Series索引（obj[...]）的工作方式类似于NumPy数组的索引，只不过Series的索引值不只是整数。
利用标签的切片运算与普通的Python切片运算不同，其末端是包含的（inclusive）。
对DataFrame进行索引其实就是获取一个或多个列
为了在DataFrame的行上进行标签索引，引入了专门的索引字段ix。

DataFrame索引

# -*- coding: utf-8 -*- 

import numpy as np
from pandas import Series, DataFrame

print('Series的索引，默认数字索引可以工作。')
obj = Series(np.arange(4.), index = ['a', 'b', 'c', 'd'])
print(obj['b'])
print(obj[3])
print(obj[[1, 3]])
print(obj[obj < 2])

print('Series的数组切片')
print(obj['b':'c'] ) # 闭区间
obj['b':'c'] = 5
print(obj)

print('DataFrame的索引')
data = DataFrame(np.arange(16).reshape((4, 4)),
                  index = ['Ohio', 'Colorado', 'Utah', 'New York'],
                  columns = ['one', 'two', 'three', 'four'])
print(data)
print(data['two']) # 打印列
print(data[['three', 'one']])
print(data[:2])
print(data.ix['Colorado', ['two', 'three']]) # 指定索引和列
print(data.ix[['Colorado', 'Utah'], [3, 0, 1]])
print(data.ix[2]) # 打印第2行（从0开始）
print(data.ix[:'Utah', 'two']) # 从开始到Utah，第2列。

print('根据条件选择')
print(data[data.three > 5])
print(data < 5)  # 打印True或者False
data[data < 5] = 0
print(data)

算术运算和数据对齐

# -*- coding: utf-8 -*- 

import numpy as np
from pandas import Series, DataFrame

print('加法')
s1 = Series([7.3, -2.5, 3.4, 1.5], index = ['a', 'c', 'd', 'e'])
s2 = Series([-2.1, 3.6, -1.5, 4, 3.1], index = ['a', 'c', 'e', 'f', 'g'])
print(s1)
print(s2)
print(s1 + s2)

print('DataFrame加法，索引和列都必须匹配。')
df1 = DataFrame(np.arange(9.).reshape((3, 3)),
                columns = list('bcd'),
                index = ['Ohio', 'Texas', 'Colorado'])
df2 = DataFrame(np.arange(12).reshape((4, 3)),
                columns = list('bde'),
                index = ['Utah', 'Ohio', 'Texas', 'Oregon'])
print(df1)
print(df2)
print(df1 + df2)

print('数据填充')
df1 = DataFrame(np.arange(12.).reshape((3, 4)), columns = list('abcd'))
df2 = DataFrame(np.arange(20.).reshape((4, 5)), columns = list('abcde'))
print(df1)
print(df2)
print(df1.add(df2, fill_value = 0))
print(df1.reindex(columns = df2.columns, fill_value = 0))

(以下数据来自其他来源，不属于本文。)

(* A matrix $A\in\mathcal{C}_n$ is irreducible with respect to the cone $S_+(n)$ if and only if the linear span of the set of minimal zeros of $A$ equals $\mathbb{R}^n$. In particular, in that case $A$ has at least $n$ linearly independent minimal zeros.
   Context: $\mathcal{C}_n$ denotes the cone of copositive matrices: real symmetric $n\times n$ matrices $A$ with $x^TAx\ge 0$ for all $x\in\mathbb{R}^n_+$. $S_+(n)$ is the cone of positive semidefinite $n\times n$ matrices. For $A\in\mathcal{C}_n$, a zero of $A$ is a nonzero vector $u\in\mathbb{R}^n_+$ with $u^TAu=0$; its support is $\operatorname{Supp}(u)=\{i:u_i\ne0\}$; a zero $u$ is minimal if there is no zero $v$ with $\operatorname{Supp}(v)\subsetneq\operatorname{Supp}(u)$. For $A\in\mathcal{C}_n$ and $\mathcal{M}\subset\mathcal{C}_n$, $A$ is irreducible with respect to $\mathcal{M}$ if there do not exist $\gamma>0$ and $M\in\mathcal{M}\setminus\{0\}$ with $A-\gamma M\in\mathcal{C}_n$. *)

From HB Require Import structures.
From mathcomp Require Import all_boot all_order all_algebra.
Set Implicit Arguments. Unset Strict Implicit. Unset Printing Implicit Defensive.
Import Order.TTheory GRing.Theory Num.Theory.
Local Open Scope ring_scope.

Section Copositive.
Variables (R : rcfType) (n : nat).

Definition qform (A : 'M[R]_n) (x : 'cV[R]_n) : R := (x^T *m A *m x) 0 0.

Definition nonneg_vec (x : 'cV[R]_n) : Prop := forall i, 0 <= x i 0.

Definition copositive (A : 'M[R]_n) : Prop :=
  A^T = A /\ forall x : 'cV[R]_n, nonneg_vec x -> 0 <= qform A x.

Definition psd (M : 'M[R]_n) : Prop :=
  M^T = M /\ forall x : 'cV[R]_n, 0 <= qform M x.

Definition is_zero_of (A : 'M[R]_n) (u : 'cV[R]_n) : Prop :=
  nonneg_vec u /\ u <> 0 /\ qform A u = 0.

Definition supp (u : 'cV[R]_n) : {set 'I_n} := [set i | u i 0 != 0].

Definition minimal_zero (A : 'M[R]_n) (u : 'cV[R]_n) : Prop :=
  is_zero_of A u /\
  ~ (exists v, is_zero_of A v /\ supp v \proper supp u).

(* A irreducible with respect to the set Mset (A assumed copositive) *)
Definition irreducible_wrt (Mset : 'M[R]_n -> Prop) (A : 'M[R]_n) : Prop :=
  ~ (exists (gamma : R) (M : 'M[R]_n),
       0 < gamma /\ Mset M /\ M <> 0 /\ copositive (A - gamma *: M)).

Definition in_span (S : 'cV[R]_n -> Prop) (x : 'cV[R]_n) : Prop :=
  exists (k : nat) (c : 'I_k -> R) (u : 'I_k -> 'cV[R]_n),
    (forall i, S (u i)) /\ x = \sum_(i < k) c i *: u i.

Definition spans_all (S : 'cV[R]_n -> Prop) : Prop :=
  forall x : 'cV[R]_n, in_span S x.

Definition lin_indep (k : nat) (u : 'I_k -> 'cV[R]_n) : Prop :=
  forall c : 'I_k -> R, \sum_(i < k) c i *: u i = 0 -> forall i, c i = 0.

End Copositive.

(* Sufficiency: if A - g M is copositive with M psd and g > 0, every zero u of
   A satisfies u^T M u = 0, hence M u = 0; so M vanishes on the span of the
   minimal zeros.
   Necessity: take a maximal linearly independent family of minimal zeros.  If
   it has fewer than n members, some w <> 0 is orthogonal to all minimal zeros,
   hence to all zeros (a zero splits into zeros of smaller support).  The key
   estimate copositive_gap then gives g > 0 with x^T A x >= g (w^T x)^2 on the
   nonnegative orthant, i.e. A - g w w^T is copositive, so A is reducible.
   The estimate is proved face by face, by induction on the support S: either
   the form descends from x to a facet along a direction in
   V = {x supported on S, w^T x = 0}, or it is positive definite on V and an
   A-orthogonal complement x0 of V (obtained by inverting the compression of A
   to V) controls it directly. *)
From HB Require Import structures.
From mathcomp Require Import all_boot all_order all_algebra.
From mathcomp Require Import ring lra.
From Stdlib Require Import Classical.
Set Implicit Arguments. Unset Strict Implicit. Unset Printing Implicit Defensive.
Import Order.TTheory GRing.Theory Num.Theory.
Local Open Scope ring_scope.

Section Forms.
Variables (R : rcfType) (n : nat).
Implicit Types (A M : 'M[R]_n) (x y z u v w d e : 'cV[R]_n) (a t : R).

Definition bf A x y : R := (x^T *m A *m y) 0 0.
Definition dot x y : R := (x^T *m y) 0 0.

Lemma dotE x y : dot x y = \sum_i x i 0 * y i 0.
Proof. by rewrite /dot mxE; apply: eq_bigr => i _; rewrite mxE. Qed.

Lemma dotC x y : dot x y = dot y x.
Proof. by rewrite !dotE; apply: eq_bigr => i _; rewrite mulrC. Qed.

Lemma dotDr x y z : dot x (y + z) = dot x y + dot x z.
Proof. by rewrite /dot mulmxDr mxE. Qed.

Lemma dotZr a x y : dot x (a *: y) = a * dot x y.
Proof. by rewrite /dot -scalemxAr mxE. Qed.

Lemma dotBr x y z : dot x (y - z) = dot x y - dot x z.
Proof. by rewrite dotDr -scaleN1r dotZr mulN1r. Qed.

Lemma dot0r x : dot x 0 = 0.
Proof. by rewrite /dot mulmx0 mxE. Qed.

Lemma dot_sumr k w (c : 'I_k -> R) (u : 'I_k -> 'cV[R]_n) :
  dot w (\sum_i c i *: u i) = \sum_i c i * dot w (u i).
Proof.
by rewrite /dot mulmx_sumr summxE; apply: eq_bigr => i _; rewrite -scalemxAr mxE.
Qed.

Lemma bfDl A x y z : bf A (x + y) z = bf A x z + bf A y z.
Proof. by rewrite /bf linearD /= !mulmxDl mxE. Qed.

Lemma bfDr A x y z : bf A z (x + y) = bf A z x + bf A z y.
Proof. by rewrite /bf mulmxDr mxE. Qed.

Lemma bfZl A a x z : bf A (a *: x) z = a * bf A x z.
Proof. by rewrite /bf linearZ /= -!scalemxAl mxE. Qed.

Lemma bfZr A a x z : bf A z (a *: x) = a * bf A z x.
Proof. by rewrite /bf -scalemxAr mxE. Qed.

Lemma bf_sym A x y : A^T = A -> bf A x y = bf A y x.
Proof.
move=> sA; rewrite /bf; transitivity (((x^T *m A *m y)^T) 0 0); first by rewrite [RHS]mxE.
by rewrite !trmx_mul trmxK sA mulmxA.
Qed.

Lemma qformD A x y : A^T = A ->
  qform A (x + y) = qform A x + 2 * bf A x y + qform A y.
Proof.
move=> sA; rewrite /qform -!/(bf _ _ _) bfDl !bfDr (bf_sym x y sA); ring.
Qed.

Lemma qformZ A a x : qform A (a *: x) = a ^+ 2 * qform A x.
Proof. by rewrite /qform -!/(bf _ _ _) bfZl bfZr expr2 mulrA. Qed.

Lemma qformN A x : qform A (- x) = qform A x.
Proof. by rewrite -scaleN1r qformZ sqrrN expr1n mul1r. Qed.

Lemma qform_line A x t e : A^T = A ->
  qform A (x + t *: e) = qform A x + 2 * t * bf A x e + t ^+ 2 * qform A e.
Proof. by move=> sA; rewrite qformD // qformZ bfZr mulrA. Qed.

Lemma qform0 A : qform A 0 = 0.
Proof. by rewrite /qform mulmx0 mxE. Qed.

Lemma dot_ge0 x : 0 <= dot x x.
Proof. by rewrite dotE sumr_ge0 // => i _; rewrite -expr2 sqr_ge0. Qed.

Lemma dot_gt0 x : x != 0 -> 0 < dot x x.
Proof.
have sq0 i : 0 <= x i 0 * x i 0 by rewrite -expr2 sqr_ge0.
move=> x0; rewrite lt_def dot_ge0 andbT; apply: contra x0; rewrite dotE.
move=> /eqP/(psumr_eq0P (fun i _ => sq0 i)) hx; apply/eqP/matrixP => i j.
by rewrite ord1 mxE; apply/eqP; rewrite -sqrf_eq0 expr2 hx.
Qed.

Lemma nz_coord x : x != 0 -> exists j, x j 0 != 0.
Proof.
move=> hx; apply/existsP; apply: contraNT hx; rewrite negb_exists => /forallP h.
by apply/eqP/matrixP => i j; rewrite ord1 mxE; apply/eqP; move: (h i); rewrite negbK.
Qed.

Lemma neg_or_nonneg e : (exists j, e j 0 < 0) \/ nonneg_vec e.
Proof.
case: (boolP [exists j, e j 0 < 0]) => [/existsP h|]; first by left.
by rewrite negb_exists => /forallP h; right => j; rewrite leNgt h.
Qed.

Lemma nonnegD x y : nonneg_vec x -> nonneg_vec y -> nonneg_vec (x + y).
Proof. by move=> hx hy i; rewrite mxE addr_ge0. Qed.

Lemma nonnegZ a x : 0 <= a -> nonneg_vec x -> nonneg_vec (a *: x).
Proof. by move=> ha hx i; rewrite mxE mulr_ge0. Qed.

End Forms.

Section CopositiveGeometry.
Variables (R : rcfType) (n : nat).
Implicit Types (A : 'M[R]_n) (x y u v w d e : 'cV[R]_n).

print('DataFrame与Series之间的操作')
arr = np.arange(12.).reshape((3, 4))
print(arr)
print(arr[0])
print(arr - arr[0])
frame = DataFrame(np.arange(12).reshape((4, 3)),
                  columns = list('bde'),
                  index = ['Utah', 'Ohio', 'Texas', 'Oregon'])
series = frame.ix[0]
print(frame)
print(series)
print(frame - series)
series2 = Series(range(3), index = list('bef'))
print(frame + series2)
series3 = frame['d']
print(series3)
print(frame.sub(series3, axis = 0))  # 按列减

函数应用和映射

numpy的ufuncs（元素级数组方法）
DataFrame的apply方法
对象的applymap方法（因为Series有一个应用于元素级的map方法）

# -*- coding: utf-8 -*- 

import numpy as np
from pandas import Series, DataFrame

print('函数')
frame = DataFrame(np.random.randn(4, 3),
                  columns = list('bde'),
                  index = ['Utah', 'Ohio', 'Texas', 'Oregon'])
print(frame)
print(np.abs(frame))

print('lambda以及应用')
f = lambda x: x.max() - x.min()
#列的最大值减去最小值
print(frame.apply(f))
#行的最大值减去最小值
print(frame.apply(f, axis = 1))
def f(x):
    return Series([x.min(), x.max()], index = ['min', 'max'])
print(frame.apply(f))

print('applymap和map')
_format = lambda x: '%.2f' % x
print(frame.applymap(_format))
print(frame['e'].map(_format))

排序和排名

对行或列索引进行排序
对于DataFrame，根据任意一个轴上的索引进行排序
可以指定升序降序
按值排序
对于DataFrame，可以指定按值排序的列
rank函数

# -*- coding: utf-8 -*- 

import numpy as np
from pandas import Series, DataFrame

print('根据索引排序，对于DataFrame可以指定轴。')
obj = Series(range(4), index = ['d', 'a', 'b', 'c'])
print(obj.sort_index())
frame = DataFrame(np.arange(8).reshape((2, 4)),
                  index = ['three', 'one'],
                  columns = list('dabc'))
print(frame.sort_index())
print(frame.sort_index(axis = 1))
print(frame.sort_index(axis = 1, ascending = False)) # 降序

print('根据值排序')
obj = Series([4, 7, -3, 2])
print(obj.sort_values()) # order已淘汰

print('DataFrame指定列排序')
frame = DataFrame({'b':[4, 7, -3, 2], 'a':[0, 1, 0, 1]})
print(frame)
print(frame.sort_values(by = 'b')) # sort_index(by = ...)已淘汰
print(frame.sort_values(by = ['a', 'b']))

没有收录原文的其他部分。